In the entries that follow, which lines hold the string "comNzRingType"? List them.

--- Material to process Enclosed Below ---

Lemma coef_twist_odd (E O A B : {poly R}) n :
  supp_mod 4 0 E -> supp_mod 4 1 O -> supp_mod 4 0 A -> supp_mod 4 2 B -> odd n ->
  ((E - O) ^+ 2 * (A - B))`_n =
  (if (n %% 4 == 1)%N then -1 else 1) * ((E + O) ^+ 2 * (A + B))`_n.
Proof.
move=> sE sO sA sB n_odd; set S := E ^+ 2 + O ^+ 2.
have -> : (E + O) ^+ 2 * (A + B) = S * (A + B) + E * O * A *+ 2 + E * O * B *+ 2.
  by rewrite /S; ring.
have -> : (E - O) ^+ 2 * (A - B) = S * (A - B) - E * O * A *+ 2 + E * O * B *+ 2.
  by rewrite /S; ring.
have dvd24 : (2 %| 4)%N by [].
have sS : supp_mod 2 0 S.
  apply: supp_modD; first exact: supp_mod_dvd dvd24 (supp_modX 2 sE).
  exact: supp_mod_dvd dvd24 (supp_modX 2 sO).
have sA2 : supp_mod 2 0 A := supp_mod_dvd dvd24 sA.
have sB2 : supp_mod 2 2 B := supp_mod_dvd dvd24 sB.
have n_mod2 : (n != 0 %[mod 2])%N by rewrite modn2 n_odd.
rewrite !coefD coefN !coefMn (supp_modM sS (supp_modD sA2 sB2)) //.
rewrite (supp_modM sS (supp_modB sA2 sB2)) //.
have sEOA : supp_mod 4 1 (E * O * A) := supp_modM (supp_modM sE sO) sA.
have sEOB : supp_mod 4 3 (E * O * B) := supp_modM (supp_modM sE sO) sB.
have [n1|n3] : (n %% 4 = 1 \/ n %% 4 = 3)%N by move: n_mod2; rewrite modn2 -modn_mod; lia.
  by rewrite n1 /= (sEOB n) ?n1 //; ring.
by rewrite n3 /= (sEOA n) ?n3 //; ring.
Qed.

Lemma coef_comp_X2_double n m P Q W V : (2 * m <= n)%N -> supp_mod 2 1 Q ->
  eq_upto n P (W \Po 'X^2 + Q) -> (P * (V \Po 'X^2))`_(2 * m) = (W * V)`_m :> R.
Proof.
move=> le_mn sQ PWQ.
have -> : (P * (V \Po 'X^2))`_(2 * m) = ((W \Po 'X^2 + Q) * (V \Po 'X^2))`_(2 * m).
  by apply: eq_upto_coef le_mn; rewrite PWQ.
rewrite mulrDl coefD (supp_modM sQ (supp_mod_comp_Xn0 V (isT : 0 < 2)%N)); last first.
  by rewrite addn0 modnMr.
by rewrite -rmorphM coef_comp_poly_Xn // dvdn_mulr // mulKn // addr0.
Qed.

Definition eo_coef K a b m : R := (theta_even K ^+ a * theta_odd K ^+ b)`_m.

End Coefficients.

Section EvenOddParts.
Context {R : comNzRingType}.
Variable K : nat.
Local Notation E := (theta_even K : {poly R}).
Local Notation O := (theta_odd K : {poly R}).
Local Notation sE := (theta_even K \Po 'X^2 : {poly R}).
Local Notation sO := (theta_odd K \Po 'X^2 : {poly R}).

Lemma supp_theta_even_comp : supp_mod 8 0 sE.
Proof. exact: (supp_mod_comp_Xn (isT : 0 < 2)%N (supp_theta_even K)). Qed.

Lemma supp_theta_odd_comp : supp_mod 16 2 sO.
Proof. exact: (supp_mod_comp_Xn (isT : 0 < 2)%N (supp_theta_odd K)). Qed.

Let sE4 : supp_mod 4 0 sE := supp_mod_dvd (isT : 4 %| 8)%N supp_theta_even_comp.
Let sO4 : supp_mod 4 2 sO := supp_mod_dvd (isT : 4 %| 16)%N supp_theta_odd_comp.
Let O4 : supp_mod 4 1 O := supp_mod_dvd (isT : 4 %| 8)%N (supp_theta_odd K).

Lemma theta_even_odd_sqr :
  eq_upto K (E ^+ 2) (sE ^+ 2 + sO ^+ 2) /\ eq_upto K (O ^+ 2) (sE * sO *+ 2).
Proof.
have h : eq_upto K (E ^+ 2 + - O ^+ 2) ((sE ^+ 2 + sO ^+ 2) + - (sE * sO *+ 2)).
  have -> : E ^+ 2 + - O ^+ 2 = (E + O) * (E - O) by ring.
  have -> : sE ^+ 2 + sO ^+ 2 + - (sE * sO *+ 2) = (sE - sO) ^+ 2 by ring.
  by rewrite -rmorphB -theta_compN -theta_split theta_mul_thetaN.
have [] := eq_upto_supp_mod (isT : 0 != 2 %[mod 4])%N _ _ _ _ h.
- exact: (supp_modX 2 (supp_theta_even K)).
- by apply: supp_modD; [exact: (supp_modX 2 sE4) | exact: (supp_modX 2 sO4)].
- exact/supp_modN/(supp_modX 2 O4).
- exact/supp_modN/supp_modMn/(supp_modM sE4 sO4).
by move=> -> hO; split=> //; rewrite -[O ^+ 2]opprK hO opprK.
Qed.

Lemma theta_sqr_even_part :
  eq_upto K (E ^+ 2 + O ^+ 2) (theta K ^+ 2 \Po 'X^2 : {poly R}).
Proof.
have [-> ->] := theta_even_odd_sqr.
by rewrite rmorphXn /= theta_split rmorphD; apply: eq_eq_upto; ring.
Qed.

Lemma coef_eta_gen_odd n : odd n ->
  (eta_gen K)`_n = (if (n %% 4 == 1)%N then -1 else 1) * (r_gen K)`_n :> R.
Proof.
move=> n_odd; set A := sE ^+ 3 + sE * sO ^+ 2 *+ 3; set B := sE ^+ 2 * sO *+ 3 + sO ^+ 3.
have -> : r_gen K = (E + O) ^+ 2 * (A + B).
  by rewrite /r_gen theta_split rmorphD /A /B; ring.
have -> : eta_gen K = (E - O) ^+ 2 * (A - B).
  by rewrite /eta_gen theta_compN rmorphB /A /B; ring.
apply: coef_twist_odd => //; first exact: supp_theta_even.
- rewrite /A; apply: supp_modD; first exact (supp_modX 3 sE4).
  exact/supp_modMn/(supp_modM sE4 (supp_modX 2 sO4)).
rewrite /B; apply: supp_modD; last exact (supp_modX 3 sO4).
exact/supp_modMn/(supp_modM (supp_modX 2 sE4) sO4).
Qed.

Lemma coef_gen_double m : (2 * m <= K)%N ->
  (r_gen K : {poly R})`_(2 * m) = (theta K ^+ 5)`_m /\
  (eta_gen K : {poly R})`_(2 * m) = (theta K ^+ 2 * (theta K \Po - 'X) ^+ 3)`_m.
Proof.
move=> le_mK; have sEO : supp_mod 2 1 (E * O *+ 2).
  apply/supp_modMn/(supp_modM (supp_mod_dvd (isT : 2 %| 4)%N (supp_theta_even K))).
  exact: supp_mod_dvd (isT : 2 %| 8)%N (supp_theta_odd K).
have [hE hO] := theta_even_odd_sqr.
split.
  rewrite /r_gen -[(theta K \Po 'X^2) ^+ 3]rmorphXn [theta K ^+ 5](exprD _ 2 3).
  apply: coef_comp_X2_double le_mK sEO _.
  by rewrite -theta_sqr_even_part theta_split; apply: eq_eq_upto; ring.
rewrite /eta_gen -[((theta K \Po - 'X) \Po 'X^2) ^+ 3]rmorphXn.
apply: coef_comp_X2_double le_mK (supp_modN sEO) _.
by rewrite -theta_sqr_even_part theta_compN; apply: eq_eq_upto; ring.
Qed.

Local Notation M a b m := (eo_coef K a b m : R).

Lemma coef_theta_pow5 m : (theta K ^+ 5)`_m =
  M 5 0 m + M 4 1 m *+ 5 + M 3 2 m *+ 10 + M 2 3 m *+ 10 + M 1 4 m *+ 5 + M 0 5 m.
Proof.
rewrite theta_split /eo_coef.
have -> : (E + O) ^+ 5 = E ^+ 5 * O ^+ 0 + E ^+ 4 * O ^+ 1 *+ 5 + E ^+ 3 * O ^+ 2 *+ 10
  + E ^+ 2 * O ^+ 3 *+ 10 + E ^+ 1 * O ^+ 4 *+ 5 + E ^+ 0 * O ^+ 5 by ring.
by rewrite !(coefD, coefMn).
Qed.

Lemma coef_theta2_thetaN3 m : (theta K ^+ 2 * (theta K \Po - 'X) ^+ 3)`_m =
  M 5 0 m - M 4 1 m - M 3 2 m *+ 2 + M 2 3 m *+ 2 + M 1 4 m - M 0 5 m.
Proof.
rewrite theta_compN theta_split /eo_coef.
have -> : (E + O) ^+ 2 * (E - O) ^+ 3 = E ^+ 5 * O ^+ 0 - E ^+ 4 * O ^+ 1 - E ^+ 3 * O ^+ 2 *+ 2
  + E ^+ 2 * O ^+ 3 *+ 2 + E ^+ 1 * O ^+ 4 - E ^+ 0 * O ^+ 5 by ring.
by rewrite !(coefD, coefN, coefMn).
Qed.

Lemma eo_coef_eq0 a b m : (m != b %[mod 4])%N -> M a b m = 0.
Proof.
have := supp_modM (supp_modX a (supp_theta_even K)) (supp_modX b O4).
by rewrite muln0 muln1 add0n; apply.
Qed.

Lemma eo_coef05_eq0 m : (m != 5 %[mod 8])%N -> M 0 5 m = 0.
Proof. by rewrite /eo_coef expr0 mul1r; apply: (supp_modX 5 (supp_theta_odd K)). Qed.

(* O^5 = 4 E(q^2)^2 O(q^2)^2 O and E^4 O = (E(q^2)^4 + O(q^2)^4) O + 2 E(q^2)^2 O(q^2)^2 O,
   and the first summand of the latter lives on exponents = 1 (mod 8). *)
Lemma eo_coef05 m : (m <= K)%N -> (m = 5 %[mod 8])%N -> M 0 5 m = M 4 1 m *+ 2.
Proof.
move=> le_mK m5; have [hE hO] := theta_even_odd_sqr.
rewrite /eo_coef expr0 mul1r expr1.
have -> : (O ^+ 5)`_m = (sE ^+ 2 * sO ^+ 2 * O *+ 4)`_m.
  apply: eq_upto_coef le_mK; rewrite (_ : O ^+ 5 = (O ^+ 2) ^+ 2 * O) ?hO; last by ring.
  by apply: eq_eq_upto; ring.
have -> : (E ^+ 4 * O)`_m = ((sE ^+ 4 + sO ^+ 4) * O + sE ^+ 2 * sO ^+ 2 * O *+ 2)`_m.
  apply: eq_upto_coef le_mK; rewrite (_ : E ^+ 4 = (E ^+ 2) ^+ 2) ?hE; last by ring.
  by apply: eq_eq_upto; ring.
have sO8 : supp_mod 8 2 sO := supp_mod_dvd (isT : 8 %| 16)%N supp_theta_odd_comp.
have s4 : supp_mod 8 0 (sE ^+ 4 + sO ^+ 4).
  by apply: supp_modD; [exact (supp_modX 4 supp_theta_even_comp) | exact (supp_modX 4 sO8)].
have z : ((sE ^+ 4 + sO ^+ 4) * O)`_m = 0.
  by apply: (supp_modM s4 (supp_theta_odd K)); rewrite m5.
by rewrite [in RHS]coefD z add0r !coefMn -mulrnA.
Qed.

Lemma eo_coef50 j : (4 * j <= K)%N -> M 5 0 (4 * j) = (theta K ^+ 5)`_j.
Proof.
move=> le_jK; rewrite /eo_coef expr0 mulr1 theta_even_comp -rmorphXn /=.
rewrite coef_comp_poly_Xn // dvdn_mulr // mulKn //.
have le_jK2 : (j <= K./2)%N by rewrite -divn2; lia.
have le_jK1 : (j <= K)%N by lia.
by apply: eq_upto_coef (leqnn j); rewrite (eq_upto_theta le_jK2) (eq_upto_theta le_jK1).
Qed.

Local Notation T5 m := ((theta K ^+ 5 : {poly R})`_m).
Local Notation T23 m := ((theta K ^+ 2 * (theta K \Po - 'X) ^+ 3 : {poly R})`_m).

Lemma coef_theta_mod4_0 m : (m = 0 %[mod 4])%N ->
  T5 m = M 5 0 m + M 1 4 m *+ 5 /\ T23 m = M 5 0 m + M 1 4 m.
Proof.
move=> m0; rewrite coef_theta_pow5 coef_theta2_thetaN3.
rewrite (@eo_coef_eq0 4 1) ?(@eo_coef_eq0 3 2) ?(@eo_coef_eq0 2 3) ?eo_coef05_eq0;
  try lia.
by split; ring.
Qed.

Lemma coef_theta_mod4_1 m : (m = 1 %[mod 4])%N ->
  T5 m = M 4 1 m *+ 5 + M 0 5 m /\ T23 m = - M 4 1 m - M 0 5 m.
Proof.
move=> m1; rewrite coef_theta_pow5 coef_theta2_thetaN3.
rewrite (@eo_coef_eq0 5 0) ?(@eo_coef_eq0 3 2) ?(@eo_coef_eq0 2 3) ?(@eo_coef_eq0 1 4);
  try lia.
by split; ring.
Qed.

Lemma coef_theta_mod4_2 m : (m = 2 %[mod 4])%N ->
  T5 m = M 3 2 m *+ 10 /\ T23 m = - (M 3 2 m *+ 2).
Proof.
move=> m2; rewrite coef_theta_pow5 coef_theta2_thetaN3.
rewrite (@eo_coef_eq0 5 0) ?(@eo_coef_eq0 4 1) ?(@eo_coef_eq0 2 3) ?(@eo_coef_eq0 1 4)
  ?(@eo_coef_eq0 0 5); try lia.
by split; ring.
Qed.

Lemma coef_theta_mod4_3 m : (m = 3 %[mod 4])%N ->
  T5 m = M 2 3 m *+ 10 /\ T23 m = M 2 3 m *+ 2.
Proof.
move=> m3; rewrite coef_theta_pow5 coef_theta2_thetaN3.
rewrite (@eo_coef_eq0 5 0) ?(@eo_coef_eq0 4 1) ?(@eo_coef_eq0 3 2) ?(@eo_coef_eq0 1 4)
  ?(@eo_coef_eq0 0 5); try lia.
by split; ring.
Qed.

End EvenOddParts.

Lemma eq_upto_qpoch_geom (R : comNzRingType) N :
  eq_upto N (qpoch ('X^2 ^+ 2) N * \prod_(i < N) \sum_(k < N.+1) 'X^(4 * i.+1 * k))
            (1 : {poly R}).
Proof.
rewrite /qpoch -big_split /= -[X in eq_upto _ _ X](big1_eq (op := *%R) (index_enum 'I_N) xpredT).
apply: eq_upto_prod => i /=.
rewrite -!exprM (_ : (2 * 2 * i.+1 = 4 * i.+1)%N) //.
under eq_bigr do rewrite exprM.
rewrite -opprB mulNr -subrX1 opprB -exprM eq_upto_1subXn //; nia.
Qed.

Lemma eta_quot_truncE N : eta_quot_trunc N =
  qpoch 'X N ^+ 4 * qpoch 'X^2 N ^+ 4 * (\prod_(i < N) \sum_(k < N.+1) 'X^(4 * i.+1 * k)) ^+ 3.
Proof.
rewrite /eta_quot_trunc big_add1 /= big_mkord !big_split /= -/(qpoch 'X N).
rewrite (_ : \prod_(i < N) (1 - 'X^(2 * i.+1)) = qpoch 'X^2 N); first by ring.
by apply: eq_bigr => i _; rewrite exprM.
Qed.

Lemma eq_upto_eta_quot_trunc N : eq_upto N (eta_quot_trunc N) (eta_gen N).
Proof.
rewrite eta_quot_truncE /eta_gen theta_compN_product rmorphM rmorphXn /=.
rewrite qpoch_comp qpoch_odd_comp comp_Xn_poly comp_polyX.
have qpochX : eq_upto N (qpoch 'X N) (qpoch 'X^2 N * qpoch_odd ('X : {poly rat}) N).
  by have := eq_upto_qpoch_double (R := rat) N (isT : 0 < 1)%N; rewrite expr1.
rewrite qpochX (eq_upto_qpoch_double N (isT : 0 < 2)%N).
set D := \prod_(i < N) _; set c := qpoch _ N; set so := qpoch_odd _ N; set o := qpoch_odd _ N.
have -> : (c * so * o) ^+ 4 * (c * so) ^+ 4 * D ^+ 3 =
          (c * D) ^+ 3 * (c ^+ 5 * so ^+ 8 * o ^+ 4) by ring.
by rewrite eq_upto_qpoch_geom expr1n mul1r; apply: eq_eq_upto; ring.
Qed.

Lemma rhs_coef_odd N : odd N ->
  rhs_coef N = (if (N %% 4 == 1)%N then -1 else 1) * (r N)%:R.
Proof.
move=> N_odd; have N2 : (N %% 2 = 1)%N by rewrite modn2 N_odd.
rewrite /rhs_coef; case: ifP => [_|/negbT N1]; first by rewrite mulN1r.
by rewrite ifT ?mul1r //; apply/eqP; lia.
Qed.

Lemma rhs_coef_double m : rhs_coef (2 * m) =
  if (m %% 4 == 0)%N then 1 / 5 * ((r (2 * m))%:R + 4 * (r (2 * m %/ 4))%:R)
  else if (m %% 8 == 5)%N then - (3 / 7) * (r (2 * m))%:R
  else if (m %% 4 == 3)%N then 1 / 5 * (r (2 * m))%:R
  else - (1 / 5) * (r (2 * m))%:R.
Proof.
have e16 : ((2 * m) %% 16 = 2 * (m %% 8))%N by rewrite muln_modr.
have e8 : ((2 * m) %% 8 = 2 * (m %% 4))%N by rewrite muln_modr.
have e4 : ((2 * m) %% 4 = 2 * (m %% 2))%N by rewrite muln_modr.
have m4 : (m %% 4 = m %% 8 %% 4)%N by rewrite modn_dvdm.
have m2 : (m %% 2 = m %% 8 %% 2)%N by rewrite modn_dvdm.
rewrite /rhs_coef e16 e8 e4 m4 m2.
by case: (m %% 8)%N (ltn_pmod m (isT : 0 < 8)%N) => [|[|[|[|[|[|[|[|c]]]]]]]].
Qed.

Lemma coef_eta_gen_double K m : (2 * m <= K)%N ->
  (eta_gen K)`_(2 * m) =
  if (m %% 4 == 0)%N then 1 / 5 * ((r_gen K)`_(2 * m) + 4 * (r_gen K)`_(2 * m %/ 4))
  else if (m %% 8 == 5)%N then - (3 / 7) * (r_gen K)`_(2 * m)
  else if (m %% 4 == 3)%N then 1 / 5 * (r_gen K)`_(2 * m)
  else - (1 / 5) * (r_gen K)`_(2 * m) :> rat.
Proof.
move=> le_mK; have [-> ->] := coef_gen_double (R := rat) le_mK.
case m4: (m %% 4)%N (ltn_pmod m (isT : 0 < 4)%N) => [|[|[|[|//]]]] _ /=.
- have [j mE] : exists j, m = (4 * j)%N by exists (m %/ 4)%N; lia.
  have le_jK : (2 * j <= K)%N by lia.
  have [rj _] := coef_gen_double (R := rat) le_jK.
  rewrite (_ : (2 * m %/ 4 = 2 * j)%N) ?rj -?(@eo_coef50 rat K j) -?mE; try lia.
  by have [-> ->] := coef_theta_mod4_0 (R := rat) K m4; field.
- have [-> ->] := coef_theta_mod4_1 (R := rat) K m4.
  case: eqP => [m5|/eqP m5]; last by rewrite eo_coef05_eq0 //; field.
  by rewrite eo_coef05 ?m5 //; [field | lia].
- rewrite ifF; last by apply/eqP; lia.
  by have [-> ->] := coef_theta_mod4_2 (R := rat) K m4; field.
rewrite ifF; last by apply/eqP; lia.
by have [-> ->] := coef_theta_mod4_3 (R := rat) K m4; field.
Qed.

--- End of Enclosed Material to process ---

Written solution
Context {R : comNzRingType}.
Lemma eq_upto_qpoch_geom (R : comNzRingType) N :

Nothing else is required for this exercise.